• Task requirements
Every line below that holds the string "Rabs" should be copied out.

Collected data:
*** Block opens ***

(* The prime $p = 67$ is the unique prime $p < 2000$ with the following property: there is no irrational real number $\xi$ such that the simple continued fraction expansions of $\xi$ and of $p\xi$ both consist, from some point on, only of the terms $1$ and $2$. *)

From Stdlib Require Import Reals ZArith Znumtheory.
Open Scope R_scope.

(* floor of a real number: Int_part r = up r - 1 = floor r *)
Definition rfloor (x : R) : Z := Int_part x.

Fixpoint cf_complete (x : R) (n : nat) : R :=
  match n with
  | O => x
  | S m => / (cf_complete x m - IZR (rfloor (cf_complete x m)))
  end.

(* n-th partial quotient a_n = floor x_n (well defined for all n when x is
   irrational). *)
Definition cf_term (x : R) (n : nat) : Z := rfloor (cf_complete x n).

Definition irrational (x : R) : Prop :=
  ~ exists (a b : Z), b <> 0%Z /\ x = IZR a / IZR b.

Definition eventually_1_2 (x : R) : Prop :=
  exists N : nat, forall n : nat, (N <= n)%nat ->
    cf_term x n = 1%Z \/ cf_term x n = 2%Z.

From Stdlib Require Import Reals ZArith Znumtheory.
From Stdlib Require Import Lia Lra Psatz List Bool.
Import ListNotations.
Open Scope R_scope.

(* For p <> 67 a witness is a quadratic irrational xi = (P + sqrt D)/Q such that the eventually
   periodic expansions of xi and of p xi = (pP + sqrt (p^2 D))/Q have periods made of 1s and 2s;
   these expansions are computed exactly on integer pairs (P, Q).

   For p = 67, suppose that xi and eta = 67 xi both have all partial quotients equal to 1 or 2
   from some point on.  Complete quotients x of xi and y of eta are then related by
   y = (a x + b)/(c x + d) with a d - b c = ±67, and choosing the two indices so that the
   convergent denominators of xi and eta are comparable gives |a|, |b| <= 16 and |c|, |d| <= 33.
   For each of the finitely many such matrices, feeding the digits 1, 2 of x into the Möbius
   map and reading off the digits of y always produces a digit of y other than 1 and 2. *)

(** * Continued fractions *)

Lemma rfloor_eq (x : R) (k : Z) : IZR k <= x < IZR k + 1 -> rfloor x = k.
Proof.
  intros [Hk Hk1]. unfold rfloor, Int_part.
  enough (up x = (k + 1)%Z) by lia.
  symmetry. apply tech_up; rewrite plus_IZR; simpl; lra.
Qed.

Lemma rfloor_bounds (x : R) : IZR (rfloor x) <= x < IZR (rfloor x) + 1.
Proof. unfold rfloor. destruct (base_Int_part x). lra. Qed.

Lemma rfloor_IZR (k : Z) : rfloor (IZR k) = k.
Proof. apply rfloor_eq. lra. Qed.

Lemma rfloor_div (u Q : Z) (t : R) :
  (0 < Q)%Z -> IZR u <= t < IZR u + 1 -> rfloor (t / IZR Q) = (u / Q)%Z.
Proof.
  intros HQ Ht. set (k := (u / Q)%Z).
  assert (Hk1 : (k * Q <= u)%Z) by (rewrite Z.mul_comm; apply Z.mul_div_le, HQ).
  assert (Hk2 : (u + 1 <= (k + 1) * Q)%Z).
  { pose proof (Z.mul_succ_div_gt u Q HQ). unfold Z.succ in *. lia. }
  apply IZR_le in Hk1, Hk2. rewrite mult_IZR in Hk1. rewrite mult_IZR, !plus_IZR in Hk2.
  apply IZR_lt in HQ. apply rfloor_eq. split.
  - apply Rmult_le_reg_r with (IZR Q); [lra|]. unfold Rdiv. rewrite Rmult_assoc, Rinv_l; lra.
  - apply Rmult_lt_reg_r with (IZR Q); [lra|]. unfold Rdiv. rewrite Rmult_assoc, Rinv_l; lra.
Qed.

Lemma cf_complete_S (x : R) (n : nat) :
  cf_complete x (S n) = / (cf_complete x n - IZR (cf_term x n)).
Proof. reflexivity. Qed.

Lemma cf_complete_shift (x : R) (n : nat) :
  cf_complete x (S n) = cf_complete (cf_complete x 1) n.
Proof.
  induction n as [|n IH]; [reflexivity|].
  rewrite cf_complete_S. unfold cf_term. rewrite IH. reflexivity.
Qed.

Lemma cf_complete_eq0_add (x : R) (n j : nat) :
  cf_complete x n = 0 -> cf_complete x (n + j) = 0.
Proof.
  intros H0. induction j as [|j IH]; [now rewrite Nat.add_0_r|].
  rewrite Nat.add_succ_r, cf_complete_S. unfold cf_term.
  rewrite IH, (rfloor_IZR 0), Rminus_0_r. apply Rinv_0.
Qed.

Lemma rational_cf_complete_eq0 (a b : Z) : exists n, cf_complete (IZR a / IZR b) n = 0.
Proof.
  assert (Hnonneg : forall b, (0 <= b)%Z -> forall a, exists n, cf_complete (IZR a / IZR b) n = 0).
  { clear a b. intros b Hb. generalize Hb. pattern b. apply Z_lt_induction; [|exact Hb].
    clear b Hb. intros b IH Hb a.
    destruct (Z.eq_dec b 0) as [->|Hb0].
    { exists 0%nat. simpl. unfold Rdiv. rewrite Rinv_0. ring. }
    assert (Hb' : (0 < b)%Z) by lia.
    pose proof (Z.mod_pos_bound a b Hb') as Hr.
    set (k := (a / b)%Z). set (r := (a mod b)%Z).
    assert (Ea : IZR a = IZR k * IZR b + IZR r).
    { rewrite <- mult_IZR, <- plus_IZR. f_equal. pose proof (Z.div_mod a b). lia. }
    assert (Hr' : 0 <= IZR r < IZR b) by (split; [apply IZR_le | apply IZR_lt]; lia).
    assert (Hfl : rfloor (IZR a / IZR b) = k) by (apply rfloor_div; [exact Hb' | lra]).
    assert (H1 : cf_complete (IZR a / IZR b) 1 = IZR b / IZR r).
    { simpl. unfold cf_term. simpl. rewrite Hfl.
      replace (IZR a / IZR b - IZR k) with (IZR r / IZR b) by (rewrite Ea; field; lra).
      apply Rinv_div. }
    destruct (IH r ltac:(lia) ltac:(lia) b) as [n Hn]. exists (S n).
    rewrite cf_complete_shift, H1. exact Hn. }
  destruct (Z_le_gt_dec 0 b) as [Hb|Hb]; [now apply Hnonneg|].
  destruct (Hnonneg (- b)%Z ltac:(lia) (- a)%Z) as [n Hn]. exists n.
  rewrite !opp_IZR in Hn. replace (IZR a / IZR b) with (- IZR a / - IZR b); [exact Hn|].
  field. apply not_0_IZR. lia.
Qed.

Definition tail_12 (z : R) (N : nat) : Prop :=
  forall n, (N <= n)%nat -> cf_term z n = 1%Z \/ cf_term z n = 2%Z.

Section EventuallyOneTwo.

Variable z : R.

Hypothesis Hz : eventually_1_2 z.

Lemma cf_complete_neq0 (n : nat) : cf_complete z n <> 0.
Proof.
  intros H0. destruct Hz as [N HN].
  assert (Hterm : cf_term z (n + N) = 0%Z).
  { unfold cf_term. rewrite (cf_complete_eq0_add _ _ _ H0). apply (rfloor_IZR 0). }
  destruct (HN (n + N)%nat) as [E|E]; [lia|congruence|congruence].
Qed.

Lemma cf_frac_bounds (n : nat) : 0 < cf_complete z n - IZR (cf_term z n) < 1.
Proof.
  pose proof (rfloor_bounds (cf_complete z n)) as Hfl. fold (cf_term z n) in Hfl.
  enough (cf_complete z n - IZR (cf_term z n) <> 0) by lra.
  intros H0. apply (cf_complete_neq0 (S n)). rewrite cf_complete_S, H0. apply Rinv_0.
Qed.

Lemma cf_complete_S_mul (n : nat) :
  cf_complete z (S n) * (cf_complete z n - IZR (cf_term z n)) = 1.
Proof. rewrite cf_complete_S. field. pose proof (cf_frac_bounds n). lra. Qed.

Lemma cf_complete_S_gt1 (n : nat) : 1 < cf_complete z (S n).
Proof.
  pose proof (cf_frac_bounds n). pose proof (cf_complete_S_mul n). nra.
Qed.

Lemma cf_term_ge1 (n : nat) : (1 <= n)%nat -> (1 <= cf_term z n)%Z.
Proof.
  intros Hn. destruct n as [|n]; [lia|].
  pose proof (cf_complete_S_gt1 n). pose proof (rfloor_bounds (cf_complete z (S n))).
  enough (Hpos : 0 < IZR (cf_term z (S n))) by (apply lt_IZR in Hpos; lia).
  unfold cf_term. lra.
Qed.

Lemma cf_term_eq (n : nat) (k : Z) :
  IZR k <= cf_complete z n <= IZR k + 1 -> cf_term z n = k.
Proof.
  intros [Hlo [Hhi|Heq]]; [now apply rfloor_eq|].
  exfalso. pose proof (cf_frac_bounds n) as Hfr.
  unfold cf_term in Hfr. rewrite Heq, <- succ_IZR, rfloor_IZR, succ_IZR in Hfr. lra.
Qed.

End EventuallyOneTwo.

Lemma eventually_1_2_irrational (z : R) : eventually_1_2 z -> irrational z.
Proof.
  intros Hz [a [b [_ ->]]].
  destruct (rational_cf_complete_eq0 a b) as [n Hn].
  exact (cf_complete_neq0 _ Hz n Hn).
Qed.

(* [15/11, 11/4] contains [[1; 2, 1, 2, ...], [2; 1, 2, 1, ...]] = [(1 + sqrt 3)/2, 1 + sqrt 3]. *)
Lemma tail_12_bounds (z : R) (N : nat) :
  tail_12 z N -> forall n, (N <= n)%nat -> 15/11 < cf_complete z n < 11/4.
Proof.
  intros HN. assert (Hz : eventually_1_2 z) by (exists N; exact HN).
  assert (Hdigit : forall n, (N <= n)%nat -> 1 <= IZR (cf_term z n) <= 2).
  { intros n Hn. destruct (HN n Hn) as [E|E]; rewrite E; simpl; lra. }
  assert (Hstep : forall n, cf_complete z n = IZR (cf_term z n) + / cf_complete z (S n)).
  { intros n. rewrite cf_complete_S, Rinv_inv. ring. }
  assert (H3 : forall n, (N <= n)%nat -> cf_complete z n < 3).
  { intros n Hn. pose proof (Hdigit n Hn). pose proof (cf_frac_bounds _ Hz n). lra. }
  assert (H43 : forall n, (N <= n)%nat -> 4/3 < cf_complete z n).
  { intros n Hn. rewrite Hstep. pose proof (Hdigit n Hn). pose proof (H3 (S n) ltac:(lia)).
    pose proof (cf_complete_S_gt1 _ Hz n).
    enough (/ 3 < / cf_complete z (S n)) by lra. apply Rinv_lt_contravar; lra. }
  assert (Hhi : forall n, (N <= n)%nat -> cf_complete z n < 11/4).
  { intros n Hn. rewrite Hstep. pose proof (Hdigit n Hn). pose proof (H43 (S n) ltac:(lia)).
    enough (/ cf_complete z (S n) < / (4/3)) by lra. apply Rinv_lt_contravar; lra. }
  intros n Hn. split; [|now apply Hhi].
  rewrite Hstep. pose proof (Hdigit n Hn). pose proof (Hhi (S n) ltac:(lia)).
  pose proof (cf_complete_S_gt1 _ Hz n).
  enough (/ (11/4) < / cf_complete z (S n)) by lra. apply Rinv_lt_contravar; lra.
Qed.

(** * Möbius relations between complete quotients *)

Record mx2 : Set := Mx2 { m11 : Z; m12 : Z; m21 : Z; m22 : Z }.

Definition mx_mul (A B : mx2) : mx2 :=
  Mx2 (m11 A * m11 B + m12 A * m21 B) (m11 A * m12 B + m12 A * m22 B)
      (m21 A * m11 B + m22 A * m21 B) (m21 A * m12 B + m22 A * m22 B).

Definition mx_adj (A : mx2) : mx2 := Mx2 (m22 A) (- m12 A) (- m21 A) (m11 A).

Definition mx_opp (A : mx2) : mx2 := Mx2 (- m11 A) (- m12 A) (- m21 A) (- m22 A).

Definition mx_det (A : mx2) : Z := (m11 A * m22 A - m12 A * m21 A)%Z.

(* [y = (a x + b) / (c x + d)] with the denominator cleared, so that it composes without
   side conditions. *)
Definition mx_rel (A : mx2) (x y : R) : Prop :=
  y * (IZR (m21 A) * x + IZR (m22 A)) = IZR (m11 A) * x + IZR (m12 A).

Lemma mx_rel_mul (A B : mx2) (x y z : R) :
  mx_rel A x y -> mx_rel B y z -> mx_rel (mx_mul B A) x z.
Proof.
  destruct A as [a b c d], B as [a' b' c' d']. unfold mx_rel, mx_mul; simpl.
  intros HA HB. rewrite !plus_IZR, !mult_IZR.
  set (D := IZR c * x + IZR d) in HA.
  assert (Hid : z * ((IZR c' * IZR a + IZR d' * IZR c) * x + (IZR c' * IZR b + IZR d' * IZR d))
                - ((IZR a' * IZR a + IZR b' * IZR c) * x + (IZR a' * IZR b + IZR b' * IZR d))
              = (IZR a' - z * IZR c') * (y * D - (IZR a * x + IZR b))
                + D * (z * (IZR c' * y + IZR d') - (IZR a' * y + IZR b'))) by (unfold D; ring).
  rewrite HA, HB in Hid. lra.
Qed.

Lemma mx_rel_adj (A : mx2) (x y : R) : mx_rel A x y -> mx_rel (mx_adj A) y x.
Proof. destruct A as [a b c d]. unfold mx_rel, mx_adj; simpl. rewrite !opp_IZR. lra. Qed.

Lemma mx_rel_opp (A : mx2) (x y : R) : mx_rel A x y -> mx_rel (mx_opp A) x y.
Proof. destruct A as [a b c d]. unfold mx_rel, mx_opp; simpl. rewrite !opp_IZR. lra. Qed.

Lemma mx_det_mul (A B : mx2) : mx_det (mx_mul A B) = (mx_det A * mx_det B)%Z.
Proof. destruct A, B. unfold mx_det, mx_mul; simpl. ring. Qed.

Lemma mx_det_adj (A : mx2) : mx_det (mx_adj A) = mx_det A.
Proof. destruct A. unfold mx_det, mx_adj; simpl. ring. Qed.

Definition digit_mx (a : Z) : mx2 := Mx2 a 1 1 0.

Lemma mx_det_digit (a : Z) : mx_det (digit_mx a) = (-1)%Z.
Proof. unfold mx_det, digit_mx; simpl. ring. Qed.

Definition shift_mx (a : Z) : mx2 := Mx2 0 1 1 (- a).

Definition scale_mx (k : Z) : mx2 := Mx2 k 0 0 1.

Lemma mx_det_scale (k : Z) : mx_det (scale_mx k) = k.
Proof. unfold mx_det, scale_mx; cbn [m11 m12 m21 m22]. ring. Qed.

Lemma mx_rel_scale (k : Z) (x : R) : mx_rel (scale_mx k) x (IZR k * x).
Proof. unfold mx_rel, scale_mx; cbn [m11 m12 m21 m22]. ring. Qed.

Definition mx_approx (z : R) (A : mx2) : Prop :=
  (0 <= m22 A <= m21 A)%Z /\
  Rabs (IZR (m11 A) - z * IZR (m21 A)) * IZR (m21 A) <= 1 /\
  Rabs (IZR (m12 A) - z * IZR (m22 A)) * IZR (m21 A) <= 1.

*** Block closes ***

• Output
  Rabs (IZR (m11 A) - z * IZR (m21 A)) * IZR (m21 A) <= 1 /\
  Rabs (IZR (m12 A) - z * IZR (m22 A)) * IZR (m21 A) <= 1.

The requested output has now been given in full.